Like previous volumes of Mushishi, volume six is a series of short stories about Ginko's life as a wandering scholar of “mushi,” the ethereal, primitive life forms that often have unwanted encounters with mankind. There is a certain formula that the Mushishi series follows, and volume six of the series doesn't deviate far: Ginko comes across a human being with unusual powers that are usually attributed to some kind of mushi, and he does what he can to separate the victim from the mushi, or at least make him or her more comfortable.
However, Mushishi carries itself so peacefully and so intriguingly that the formula never gets old. It's rare that one story will remind you of another, and volume six is full of memorable battles with the mushi. Additionally, the tone of the stories range from calm and slightly romantic (“Heaven's Thread,” in which a young man must turn against town gossip about his fiancee, who has been afflicted by a mushi) to the dark and brooding (“The Hand That Pets the Night,” in which a genetically-inherited mushi causes a boy to lose himself slowly to bloodlust).

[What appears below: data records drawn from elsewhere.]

(* For every integer $t_1\geq 2$, setting $t_2=t_1+1$, there exist a connected graph $G$ and a function $g:A\to B$ such that $fix(G)=t_1$ and $fix(F_G)=t_2$.
   Context: A set $S\subseteq V(H)$ is a fixing set of a graph $H$ if the only automorphism of $H$ fixing every vertex of $S$ is the identity; $fix(H)$ is the minimum cardinality of a fixing set of $H$. Functigraph: let $G_1,G_2$ be disjoint copies of a connected graph $G$, with $A=V(G_1)$, $B=V(G_2)$, and let $g:A\to B$ be a function. The functigraph $F_G$ has vertex set $A\cup B$ and edge set $E(G_1)\cup E(G_2)\cup\{ug(u):u\in A\}$. *)

From mathcomp Require Import all_boot all_fingroup.
Set Implicit Arguments. Unset Strict Implicit. Unset Printing Implicit Defensive.

Definition simple_graph (T : finType) (e : rel T) : Prop :=
  symmetric e /\ irreflexive e.

Definition connected_graph (T : finType) (e : rel T) : Prop :=
  forall x y : T, connect e x y.

Definition is_autb (T : finType) (e : rel T) (s : {perm T}) : bool :=
  [forall x, [forall y, e (s x) (s y) == e x y]].

Definition fixingb (T : finType) (e : rel T) (S : {set T}) : bool :=
  [forall s : {perm T}, (is_autb e s && [forall x in S, s x == x]) ==> (s == 1%g)].

(* fix(H): minimum cardinality of a fixing set ([set: T] is always fixing) *)
Definition fixn (T : finType) (e : rel T) : nat :=
  #|[arg min_(S < [set: T] | fixingb e S) #|S|]|.

(* Functigraph: vertex set A + B, two copies of G (inl = A, inr = B),
   plus edges u -- g u for u in A. *)
Definition functigraph (T : finType) (e : rel T) (g : T -> T) : rel (T + T) :=
  fun x y =>
    match x, y with
    | inl u, inl v => e u v
    | inr u, inr v => e u v
    | inl u, inr w => g u == w
    | inr w, inl u => g u == w
    end.

From mathcomp Require Import all_boot all_fingroup zify.
Set Implicit Arguments. Unset Strict Implicit. Unset Printing Implicit Defensive.

(* Take G = K_{1,n}: its leaves are pairwise twins, so fix(G) = n - 1.
   For n = t1 + 1 >= 4, split the leaves into three that g sends to the centre of
   the second copy and t1 - 2 that g sends to their own copies.  In F_G the twin
   classes are the three free leaves of the first copy, the three leaves of the
   second copy outside the image of g, and the t1 - 2 pairs {leaf, image}; a
   transposition inside a class is an automorphism, so a fixing set meets all but
   one member of each class, giving 2 + 2 + (t1 - 3) = t1 + 1.  For t1 = 2 take
   K_{1,3} with g constant onto one leaf: the three free leaves cost 2 and the two
   leaves of the second copy outside the image cost 1.  Conversely, the vertices of
   these fixing sets pin down the remaining vertices one by one, each being the
   only vertex with its neighbourhood among the vertices already fixed. *)


Section FixingSets.
Variables (T : finType) (e : rel T).

Lemma is_autbP (s : {perm T}) :
  reflect (forall x y, e (s x) (s y) = e x y) (is_autb e s).
Proof.
apply: (iffP forallP) => [H x y | H x]; first exact/eqP/(forallP (H x)).
by apply/forallP => y; rewrite H.
Qed.

Lemma fixingbP (S : {set T}) :
  reflect (forall s : {perm T}, is_autb e s -> {in S, forall x, s x = x} -> s = 1%g)
          (fixingb e S).
Proof.
apply: (iffP forallP) => [H s aut_s fixS | H s].
  by apply/eqP/(implyP (H s)); rewrite aut_s; apply/forall_inP => x /fixS ->.
by apply/implyP => /andP[aut_s /forall_inP fixS]; apply/eqP/H => // x /fixS/eqP.
Qed.

Lemma nontrivial_aut_not_fixing (S : {set T}) (s : {perm T}) :
  is_autb e s -> {in S, forall x, s x = x} -> s != 1%g -> ~~ fixingb e S.
Proof. by move=> aut_s fixS; apply: contra => /fixingbP/(_ s aut_s fixS)->. Qed.

Lemma fixn_eq N (S0 : {set T}) :
  fixingb e S0 -> #|S0| = N -> (forall S : {set T}, fixingb e S -> N <= #|S|) ->
  fixn e = N.
Proof.
move=> fixS0 <- minS0; rewrite /fixn; case: arg_minnP => [|S fixS minS].
  by apply/fixingbP => s _ fixT; apply/permP => x; rewrite perm1 fixT ?inE.
by apply/eqP; rewrite eqn_leq minS0 // minS.
Qed.

(* An automorphism fixing [P] pointwise maps [x] to a vertex with the same
   neighbourhood in [P]; if [s x] were in [P] then injectivity gives [s x = x]. *)
Lemma aut_fix_unique_nbhd (s : {perm T}) (P : pred T) x :
  is_autb e s -> (forall z, P z -> s z = z) ->
  (forall y, ~~ P y -> (forall z, P z -> e y z = e x z) -> y = x) -> s x = x.
Proof.
move=> /is_autbP aut_s fixP uniq_x; case Psx : (P (s x)).
  exact: perm_inj (fixP _ Psx).
by apply: uniq_x => [|z Pz]; rewrite ?Psx // -{1}(fixP z Pz) aut_s.
Qed.

End FixingSets.

Lemma perm_neq1 (T : finType) (s : {perm T}) x : s x != x -> s != 1%g.
Proof. by apply: contraNneq => ->; rewrite perm1. Qed.

Lemma perm_fix_last (T : finType) (s : {perm T}) x :
  (forall y, y != x -> s y = y) -> s x = x.
Proof. by move=> fix_s; case: (eqVneq (s x) x) => // /fix_s/perm_inj. Qed.

Lemma card_compl_le1 (T : finType) (X : {set T}) :
  (forall i j, i \notin X -> j \notin X -> i = j) -> #|T| <= #|X|.+1.
Proof.
move=> H; rewrite -(cardsC X) -addn1 leq_add2l.
by apply/card_le1_eqP => i j; rewrite !inE => Hi Hj; exact: H.
Qed.

Lemma card_sum_preim (A B : finType) (S : {set A + B}) :
  #|S| = #|inl @^-1: S| + #|inr @^-1: S|.
Proof.
rewrite -!sum1_card big_sumType.
by congr (_ + _); apply: eq_bigl => x; rewrite inE.
Qed.

Lemma card_option_preim (A : finType) (S : {set option A}) :
  #|S| = (None \in S) + #|Some @^-1: S|.
Proof.
rewrite (cardsD1 None S); congr (_ + _).
rewrite -[RHS](card_imset _ (@Some_inj _)); apply: eq_card => -[x|].
  by rewrite !inE (mem_imset _ _ (@Some_inj _)) inE.
by rewrite !inE; apply/esym/negbTE/imsetP => -[].
Qed.

Section SumPerm.
Variables (A B : finType).

Definition sum_map (p1 : {perm A}) (p2 : {perm B}) (v : A + B) : A + B :=
  match v with inl x => inl (p1 x) | inr y => inr (p2 y) end.

Lemma sum_map_inj p1 p2 : injective (sum_map p1 p2).
Proof. by move=> [x|x] [y|y] //= [/perm_inj ->]. Qed.

Definition perm_sum p1 p2 : {perm A + B} := perm (@sum_map_inj p1 p2).

Lemma perm_sumE p1 p2 v : perm_sum p1 p2 v = sum_map p1 p2 v.
Proof. by rewrite permE. Qed.

End SumPerm.
(* Let $N$ be a finite set with $|N|\ge 3$. Then for every $a\in N$ the inequality $\sum_{B:\,\emptyset\neq B\subseteq N\setminus\{a\}}\eta(a|B)\le 1$ defines a facet of $P_N$.
   Context: $\mathrm{DAG}(N)$ is the set of acyclic directed graphs over $N$; $\mathrm{pa}_G(a)$ is the parent set of $a$ in $G$. $\Upsilon=\{(a|B): a\in N,\ \emptyset\neq B\subseteq N\setminus\{a\}\}$; $\eta_G\in\mathbb{R}^{\Upsilon}$ has $\eta_G(a|B)=1$ if $B=\mathrm{pa}_G(a)$, else $0$; $P_N=\mathrm{conv}\{\eta_G:G\in\mathrm{DAG}(N)\}$ is the family-variable polytope. *)

From HB Require Import structures.
From mathcomp Require Import all_boot all_order all_algebra.
From mathcomp Require Import reals.
Set Implicit Arguments. Unset Strict Implicit. Unset Printing Implicit Defensive.
Import Order.TTheory GRing.Theory Num.Theory.
Local Open Scope ring_scope.

Section FamilyVariable.
Variable N : finType.

Definition upsilon_pred (p : N * {set N}) : bool := (p.2 != set0) && (p.1 \notin p.2).
Definition Upsilon : finType := {p : N * {set N} | upsilon_pred p}.

(* A directed graph over N, given by its parent sets: b -> a is an edge iff
   b \in pa a. *)
Definition digraph := {ffun N -> {set N}}.
Definition edge (G : digraph) : rel N := fun b a => b \in G a.

(* Acyclic: there is no directed cycle (a nonempty closed directed path);
   this also excludes loops. *)
Definition acyclic (G : digraph) : Prop :=
  forall (x : N) (p : seq N), path (edge G) x p -> last x p = x -> p = [::].

End FamilyVariable.

Section Polytope.
Variable R : realType.
Variable N : finType.

Definition vec := Upsilon N -> R.

Definition eta (G : digraph N) : vec :=
  fun u => if (val u).2 == G (val u).1 then 1 else 0.

Definition conv (S : vec -> Prop) : vec -> Prop :=
  fun x => exists (k : nat) (p : 'I_k -> vec) (w : 'I_k -> R),
    [/\ forall i, S (p i), forall i, 0 <= w i, \sum_(i < k) w i = 1 &
        forall u, x u = \sum_(i < k) w i * p i u].

Definition PN : vec -> Prop :=
  conv (fun x => exists G : digraph N, acyclic G /\ x = eta G).

Definition lin_indep (k : nat) (v : 'I_k -> vec) : Prop :=
  forall lam : 'I_k -> R,
    (forall u, \sum_(i < k) lam i * v i u = 0) -> forall i, lam i = 0.

Definition aff_indep (k : nat) (p : 'I_k.+1 -> vec) : Prop :=
  lin_indep (fun i : 'I_k => fun u => p (lift ord0 i) u - p ord0 u).

Definition has_affdim (S : vec -> Prop) (d : nat) : Prop :=
  (exists p : 'I_d.+1 -> vec, (forall i, S (p i)) /\ aff_indep p) /\
  (forall p : 'I_d.+2 -> vec, (forall i, S (p i)) -> ~ aff_indep p).

Definition dot (c x : vec) : R := \sum_u c u * x u.

Definition is_facet (P : vec -> Prop) (c : vec) (b : R) : Prop :=
  (forall x, P x -> dot c x <= b) /\
  exists d : nat, has_affdim P d.+1 /\ has_affdim (fun x => P x /\ dot c x = b) d.

Definition coef_a (a : N) : vec := fun u => if (val u).1 == a then 1 else 0.

End Polytope.

(* P_N is full-dimensional and the face {x in P_N | sum_B x(a|B) = 1} has
   dimension |Upsilon| - 1; both lower bounds come from one family of
   acyclic graphs G_u, one per index u = (x|B): the only families of G_u are
   x with parents B and, when x <> a, a with a single parent d outside
   {a, x} (here |N| >= 3 is used).  Each G_u has a nonempty family at a, so
   eta_{G_u} lies on the face, and eta_{G_u} = e_u + [x <> a] e_(a|{d}) is
   unitriangular once the indices with head a are ranked above the others,
   hence linearly independent.  Together with eta of the empty graph (the
   origin) this gives |Upsilon| + 1 affinely independent points of P_N.  The
   upper bounds are dimension counts in R^Upsilon: no |Upsilon| + 1 vectors
   are independent, and differences of points on the face are orthogonal to
   the nonzero normal vector, so they can be extended by it. *)
From Pilot Require Import Defs.
From mathcomp Require Import all_boot all_order all_algebra.
From mathcomp Require Import reals.
From mathcomp Require Import zify.
Import Order.TTheory GRing.Theory Num.Theory.
Local Open Scope ring_scope.

Section LinearAlgebra.
Context {R : realType} {N : finType}.
Local Notation U := (Upsilon N).
Local Notation vec := (@vec R N).

Definition lin_indepU (F : U -> vec) : Prop :=
  forall mu : U -> R, (forall v, \sum_u mu u * F u v = 0) -> forall u, mu u = 0.

Lemma sum_mul_delta (mu : U -> R) (v : U) :
  \sum_u mu u * (u == v)%:R = mu v.
Proof.
rewrite (bigD1 v) //= eqxx mulr1 big1 ?addr0 // => u /negbTE->.
by rewrite mulr0.
Qed.

Lemma lin_indepU_unitriangular {F : U -> vec} (r : U -> nat) :
  (forall u v, (r v <= r u)%N -> F u v = (u == v)%:R) -> lin_indepU F.
Proof.
move=> Ftri mu hmu u; move: {2}(r u) (erefl (r u)) => n.
elim/ltn_ind: n u => n IH v rv; rewrite -(sum_mul_delta mu v) -[RHS](hmu v).
apply: eq_bigr => u _; case: (leqP (r v) (r u)) => [/Ftri-> // | ltuv].
by rewrite (IH (r u)) ?mul0r // -rv.
Qed.

Lemma lin_indep_leq_card {k : nat} {v : 'I_k -> vec} :
  lin_indep v -> (k <= #|U|)%N.
Proof.
move=> vfree; rewrite leqNgt; apply/negP => ltUk.
pose A : 'M[R]_(k, #|U|) := \matrix_(i, j) v i (enum_val j).
have : kermx A != 0.
  by rewrite kermx_eq0 -row_leq_rank -ltnNge (leq_ltn_trans (rank_leq_col A)).
case/eqP; apply/matrixP => r i; rewrite [RHS]mxE.
apply: (vfree (fun i => kermx A r i)) => u.
have := congr1 (fun M : 'M_(k, #|U|) => M r (enum_rank u)) (mulmx_ker A).
rewrite /= !mxE => e; rewrite -[RHS]e; apply: eq_bigr => j _.
by rewrite [A _ _]mxE enum_rankK.
Qed.

Lemma eq_lin_indep {k : nat} {v w : 'I_k -> vec} :
  (forall i u, v i u = w i u) -> lin_indep v -> lin_indep w.
Proof.
move=> evw vfree lam H; apply: vfree => u; rewrite -[RHS](H u).
by apply: eq_bigr => i _; rewrite evw.
Qed.

Lemma lin_indep_enum {k : nat} (eUk : #|U| = k) {F : U -> vec} :
  lin_indepU F -> lin_indep (fun i : 'I_k => F (enum_val (cast_ord (esym eUk) i))).
Proof.
move=> Ffree lam H.
pose h u := cast_ord eUk (enum_rank u).
have hK i : h (enum_val (cast_ord (esym eUk) i)) = i.
  by rewrite /h enum_valK cast_ordKV.
have h_bij : bijective h.
  by exists (fun i => enum_val (cast_ord (esym eUk) i)) => // u;
     rewrite /h cast_ordK enum_rankK.
suff lam_h u : lam (h u) = 0 by move=> i; rewrite -(hK i) lam_h.
apply: (Ffree (fun u => lam (h u))) => v.
rewrite -[RHS](H v) (reindex h) /=; last exact: onW_bij.
by apply: eq_bigr => w _; rewrite /h cast_ordK enum_rankK.
Qed.

Lemma lin_indep_aff_indep {k : nat} {p : 'I_k.+1 -> vec} :
  lin_indep p -> aff_indep p.
Proof.
move=> pfree lam H i.
pose lam' j := if unlift ord0 j is Some j' then lam j' else - \sum_(l < k) lam l.
have lam'_lift j : lam' (lift ord0 j) = lam j by rewrite /lam' liftK.
rewrite -lam'_lift; apply: pfree => u.
rewrite big_ord_recl /lam' unlift_none -[RHS](H u) mulNr mulr_suml addrC -sumrB.
by apply: eq_bigr => j _; rewrite liftK mulrBr.
Qed.

Lemma dot_sum (c : vec) (k : nat) (lam : 'I_k -> R) (v : 'I_k -> vec) :
  dot c (fun u => \sum_(i < k) lam i * v i u) = \sum_(i < k) lam i * dot c (v i).
Proof.
rewrite /dot; under eq_bigr => u _ do rewrite mulr_sumr.
rewrite exchange_big /=; apply: eq_bigr => i _; rewrite mulr_sumr.
by apply: eq_bigr => u _; rewrite mulrCA.
Qed.

Lemma dotB (c x y : vec) : dot c (fun u => x u - y u) = dot c x - dot c y.
Proof. by rewrite /dot -sumrB; apply: eq_bigr => u _; rewrite mulrBr. Qed.

Lemma dot_self_gt0 {c : vec} {u0 : U} : c u0 != 0 -> 0 < dot c c.
Proof.
move=> cu0; rewrite /dot (bigD1 u0) //= -expr2 ltr_pwDl ?exprn_even_gt0 //.
by apply: sumr_ge0 => u _; rewrite -expr2 sqr_ge0.
Qed.

Lemma lin_indep_orthogonal_cons {c : vec} {k : nat} {v : 'I_k -> vec} :
  0 < dot c c -> (forall i, dot c (v i) = 0) -> lin_indep v ->
  lin_indep (fun i : 'I_k.+1 => if unlift ord0 i is Some j then v j else c).
Proof.
move=> cc_gt0 cv vfree lam H.
have lam0 : lam ord0 = 0.
  have : dot c (fun u => \sum_(i < k.+1) lam i *
                  (if unlift ord0 i is Some j then v j else c) u) = 0.
    by rewrite /dot big1 // => u _; rewrite H mulr0.
  rewrite dot_sum big_ord_recl unlift_none big1 => [|j _]; last first.
    by rewrite liftK cv mulr0.
  by rewrite addr0 => /eqP; rewrite mulf_eq0 (gt_eqF cc_gt0) orbF => /eqP.
have lam_lift : forall j, lam (lift ord0 j) = 0.
  apply: vfree => u; rewrite -[RHS](H u) big_ord_recl unlift_none lam0 mul0r add0r.
  by apply: eq_bigr => j _; rewrite liftK.
by move=> i; case: (unliftP ord0 i) => [j ->|->].
Qed.

Lemma aff_indep_hyperplane_lt_card {c : vec} {b : R} {u0 : U} {k : nat}
    {p : 'I_k.+1 -> vec} :
  c u0 != 0 -> (forall i, dot c (p i) = b) -> aff_indep p -> (k < #|U|)%N.
Proof.
move=> cu0 pc pfree.
have diff_c j : dot c (fun u => p (lift ord0 j) u - p ord0 u) = 0.
  by rewrite dotB !pc subrr.
exact: lin_indep_leq_card (lin_indep_orthogonal_cons (dot_self_gt0 cu0) diff_c pfree).
Qed.

Lemma has_affdim_full {S : vec -> Prop} {x0 : vec} {F : U -> vec} :
  S x0 -> (forall u, S (F u)) -> lin_indepU (fun u v => F u v - x0 v) ->
  has_affdim S #|U|.
Proof.
move=> Sx0 SF Ffree; split; last first.
  by move=> p _ /lin_indep_leq_card; rewrite ltnn.
exists (fun i => if unlift ord0 i is Some j then F (enum_val j) else x0); split.
  by move=> i; case: (unlift ord0 i).
rewrite /aff_indep; apply: eq_lin_indep (lin_indep_enum (erefl #|U|) Ffree) => i u.
by rewrite liftK unlift_none cast_ord_id.
Qed.

Lemma has_affdim_hyperplane {S : vec -> Prop} {c : vec} {b : R} {u0 : U}
    {F : U -> vec} :
  c u0 != 0 -> (forall x, S x -> dot c x = b) ->
  (forall u, S (F u)) -> lin_indepU F -> has_affdim S #|U|.-1.
Proof.
move=> cu0 Sc SF Ffree.
have eU : #|U| = #|U|.-1.+1 by rewrite prednK //; apply/card_gt0P; exists u0.
split.
  exists (fun i => F (enum_val (cast_ord (esym eU) i))); split => //.
  exact/lin_indep_aff_indep/lin_indep_enum.
move=> p Sp /(aff_indep_hyperplane_lt_card cu0 (fun i => Sc _ (Sp i))).
by rewrite -eU ltnn.
Qed.

Lemma conv_mem {S : vec -> Prop} {x : vec} : S x -> conv S x.
Proof.
move=> Sx; exists 1%N, (fun _ => x), (fun _ => 1).
by split=> [//|_|| u]; rewrite ?ler01 // big_ord1 ?mul1r.
Qed.

Lemma conv_dot_le {S : vec -> Prop} {c : vec} {b : R} :
  (forall s, S s -> dot c s <= b) -> forall x, conv S x -> dot c x <= b.
Proof.
move=> Sb x [k [p [w [Sp w_ge0 w1 xE]]]].
have -> : dot c x = \sum_(i < k) w i * dot c (p i).
  by rewrite -dot_sum; apply: eq_bigr => u _; rewrite xE.
rewrite -[b]mul1r -w1 mulr_suml.
by apply: ler_sum => i _; rewrite ler_wpM2l ?Sb.
Qed.

End LinearAlgebra.

Section Graphs.
Context {N : finType}.
Local Notation U := (Upsilon N).

Lemma rank_acyclic (G : digraph N) (r : N -> nat) :
  (forall b c, b \in G c -> (r b < r c)%N) -> acyclic G.
Proof.
move=> r_edge.
have r_path p x : path (edge G) x p -> p != [::] -> (r x < r (last x p))%N.
  elim: p x => [|y p IH] x //= /andP[/r_edge rxy yp] _.
  by case: p IH yp => [|z p] // IH yp; apply: ltn_trans rxy (IH y yp _).
move=> x p xp xpx; apply/eqP; apply: contraT => /(r_path p x xp).
by rewrite xpx ltnn.
Qed.

Lemma Upsilon_eqE (u v : U) :
  (u == v) = ((val u).1 == (val v).1) && ((val u).2 == (val v).2).
Proof. by rewrite -val_eqE; case: (val u) (val v) => [? ?] [? ?]. Qed.

Lemma Upsilon_notin (u : U) : (val u).1 \notin (val u).2.
Proof. by case/andP: (valP u). Qed.

Definition empty_graph : digraph N := [ffun _ => set0].

Lemma empty_graph_acyclic : acyclic empty_graph.
Proof. by apply: (@rank_acyclic _ (fun _ => 0%N)) => b c; rewrite ffunE inE. Qed.

Variable a : N.
Hypothesis card_N : (3 <= #|N|)%N.

Definition third_vertex (c : N) : N := odflt a [pick d | (d != a) && (d != c)].

Lemma third_vertexP (c : N) : (third_vertex c != a) && (third_vertex c != c).
Proof.
rewrite /third_vertex; case: pickP => [d -> // | none].
have : (#|[set: N]| <= #|[set a; c]|)%N.
  apply/subset_leq_card/subsetP => x _; rewrite !inE.
  by move: (none x); case: (x == a); case: (x == c).
by rewrite cardsT cards2; move: card_N; case: (a != c) => /=; lia.
Qed.

Definition face_graph (u : U) : digraph N :=
  [ffun x => if x == (val u).1 then (val u).2
             else if x == a then [set third_vertex (val u).1] else set0].

Lemma face_graph_acyclic (u : U) : acyclic (face_graph u).
Proof.
apply: (@rank_acyclic _ (fun x => if x == (val u).1 then 2%N
  else if x == a then 1%N else 0%N)) => b c; rewrite ffunE.
case: ifP => [_ bu | _].
  by move: (Upsilon_notin u); case: eqP bu => [->->|] //; case: (b == a).
case: ifP => [_|]; last by rewrite inE.
rewrite inE => /eqP->.
by case/andP: (third_vertexP (val u).1) => /negbTE-> /negbTE->.
Qed.

Lemma single_parent_family (x : N) : upsilon_pred (a, [set third_vertex x]).
Proof.
case/andP: (third_vertexP x) => ta _.
rewrite /upsilon_pred in_set1 (eq_sym a) ta andbT.
by apply/set0Pn; exists (third_vertex x); rewrite set11.
Qed.

Lemma exists_head_a : exists u : U, (val u).1 = a.
Proof. by exists (exist (@upsilon_pred N) _ (single_parent_family a)). Qed.

Lemma face_graph_family_a (u : U) : upsilon_pred (a, face_graph u a).
Proof.
rewrite ffunE eqxx; case: (eqVneq a (val u).1) => [-> | _]; first exact: (valP u).
exact: single_parent_family.
Qed.

End Graphs.

Section FamilyVectors.
Context {R : realType} {N : finType}.
Local Notation U := (Upsilon N).

Lemma sum_val_eq (x : N * {set N}) :
  \sum_(v : U) ((val v == x)%:R : R) = (upsilon_pred x)%:R.
Proof.
case: (boolP (upsilon_pred x)) => [ux | nux]; last first.
  apply: big1 => v _; case: eqP => // vx.
  by move: (valP v); rewrite vx (negbTE nux).
rewrite (bigD1 (exist _ x ux)) //= eqxx big1 ?addr0 // => v vx.
by rewrite -[x]/(val (exist _ x ux : U)) val_eqE (negbTE vx).
Qed.

Lemma dot_coef_a_eta (a : N) (G : digraph N) :
  dot (coef_a R a) (Defs.eta R G) = (upsilon_pred (a, G a))%:R.
Proof.
rewrite /dot -sum_val_eq; apply: eq_bigr => v _.
rewrite /coef_a /Defs.eta; case: (val v) => x B /=.
rewrite xpair_eqE; case: (eqVneq x a) => [-> | xa] /=; last by rewrite mul0r.
by rewrite mul1r; case: (_ == _).
Qed.

Lemma eta_empty_graph (v : U) : Defs.eta R (@empty_graph N) v = 0.
Proof. by rewrite /Defs.eta ffunE; case/andP: (valP v) => /negbTE->. Qed.

Lemma eta_face_graph (a : N) (u v : U) :
  (((val v).1 == a) <= ((val u).1 == a))%N ->
  Defs.eta R (face_graph a u) v = (u == v)%:R.
Proof.
move=> headv; rewrite /Defs.eta ffunE Upsilon_eqE (eq_sym (val u).1).
have [vu | vu] /= := eqVneq (val v).1 (val u).1.
  by rewrite eq_sym; case: (_ == _).
have va : (val v).1 != a.
  apply: contra vu => /eqP va; move: headv.
  by rewrite va eqxx eq_sym; case: (_ == _).
by rewrite (negbTE va); case/andP: (valP v) => /negbTE->.
Qed.

End FamilyVectors.

Theorem lemma3 (R : realType) (N : finType) (hN : (3 <= #|N|)%N) (a : N) :
  is_facet (@PN R N) (@coef_a R N a) 1.
Proof.
set U := Upsilon N; set c := coef_a R a.
pose F u := Defs.eta R (face_graph a u).
pose head_a (u : U) : nat := (val u).1 == a.
have F_PN u : PN (F u) by apply/conv_mem; exists (face_graph a u); split;
  [exact: face_graph_acyclic|].
have F_face u : dot c (F u) = 1 by rewrite dot_coef_a_eta face_graph_family_a.
have F_free : lin_indepU F.
  by apply: (lin_indepU_unitriangular head_a) => u v; apply: eta_face_graph.
have [u0 cu0] : exists u0 : U, c u0 != 0.
  have [u0 u0a] := exists_head_a a hN.
  by exists u0; rewrite /c /coef_a u0a eqxx oner_neq0.
split.
  apply: conv_dot_le => _ [G [_ ->]].
  by rewrite dot_coef_a_eta; case: upsilon_pred; rewrite ?ler01.
exists #|U|.-1; rewrite prednK; last by apply/card_gt0P; exists u0.
split.
  apply: (has_affdim_full (x0 := Defs.eta R (@empty_graph N)) (F := F)) => //.
    by apply/conv_mem; exists empty_graph; split; [exact: empty_graph_acyclic|].
  apply: (lin_indepU_unitriangular head_a) => u v headv.
  by rewrite eta_empty_graph subr0 /F eta_face_graph.
apply: (has_affdim_hyperplane (b := 1) cu0 _ _ F_free) => [x [_ ->] // | u].
exact: conj (F_PN u) (F_face u).
Qed.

One of the most welcome aspects of the Mushishi series is manga-ka Yuki Urushibara's autobiographical sketches, through which she shares her inspirations and the stories her grandparents told her about the spirits and legends that once haunted Japan's countryside. It's always interesting to get a glimpse on the inside of an author's head.
My Heavenly Hockey Club, vol. 7
The comedy shojo manga about the worst hockey club in Japan breaks character a little to allow in some romance and conflict.
My Heavenly Hockey Club is another manga series that's normally episodic, with an emphasis on comedic events and situations. Surprisingly, volume seven is a bit more serious and has a focus on the unspoken romance between Hana and Izumi (the two protagonists have long had feelings for each other, with Izumi being too proud to admit to them and Hana simply being too lazy).
The volume is split into two stories instead of the usual five or six. The first story focuses on the discontent of Wacky, the hockey club's mascot/pet chicken. Wacky finds solace in a new owner, but discovers that there's no place like home.
The second story, which makes up the bulk of the manga, is about Hana's new part-time job with a handsome pastry chef who aspires to cook in France—and wants Hana to come with him. Izumi is immediately opposed to the idea and even turns the hockey club into a “pastry-cooking club” in order to shoehorn themselves into the restaurant and keep an eye on the budding romance. Izumi likewise tries to express his feelings for Hana, but bungs it up badly and makes her furious instead. If you've followed the hockey club's exploits to this point, volume seven delivers a bit of an interesting twist.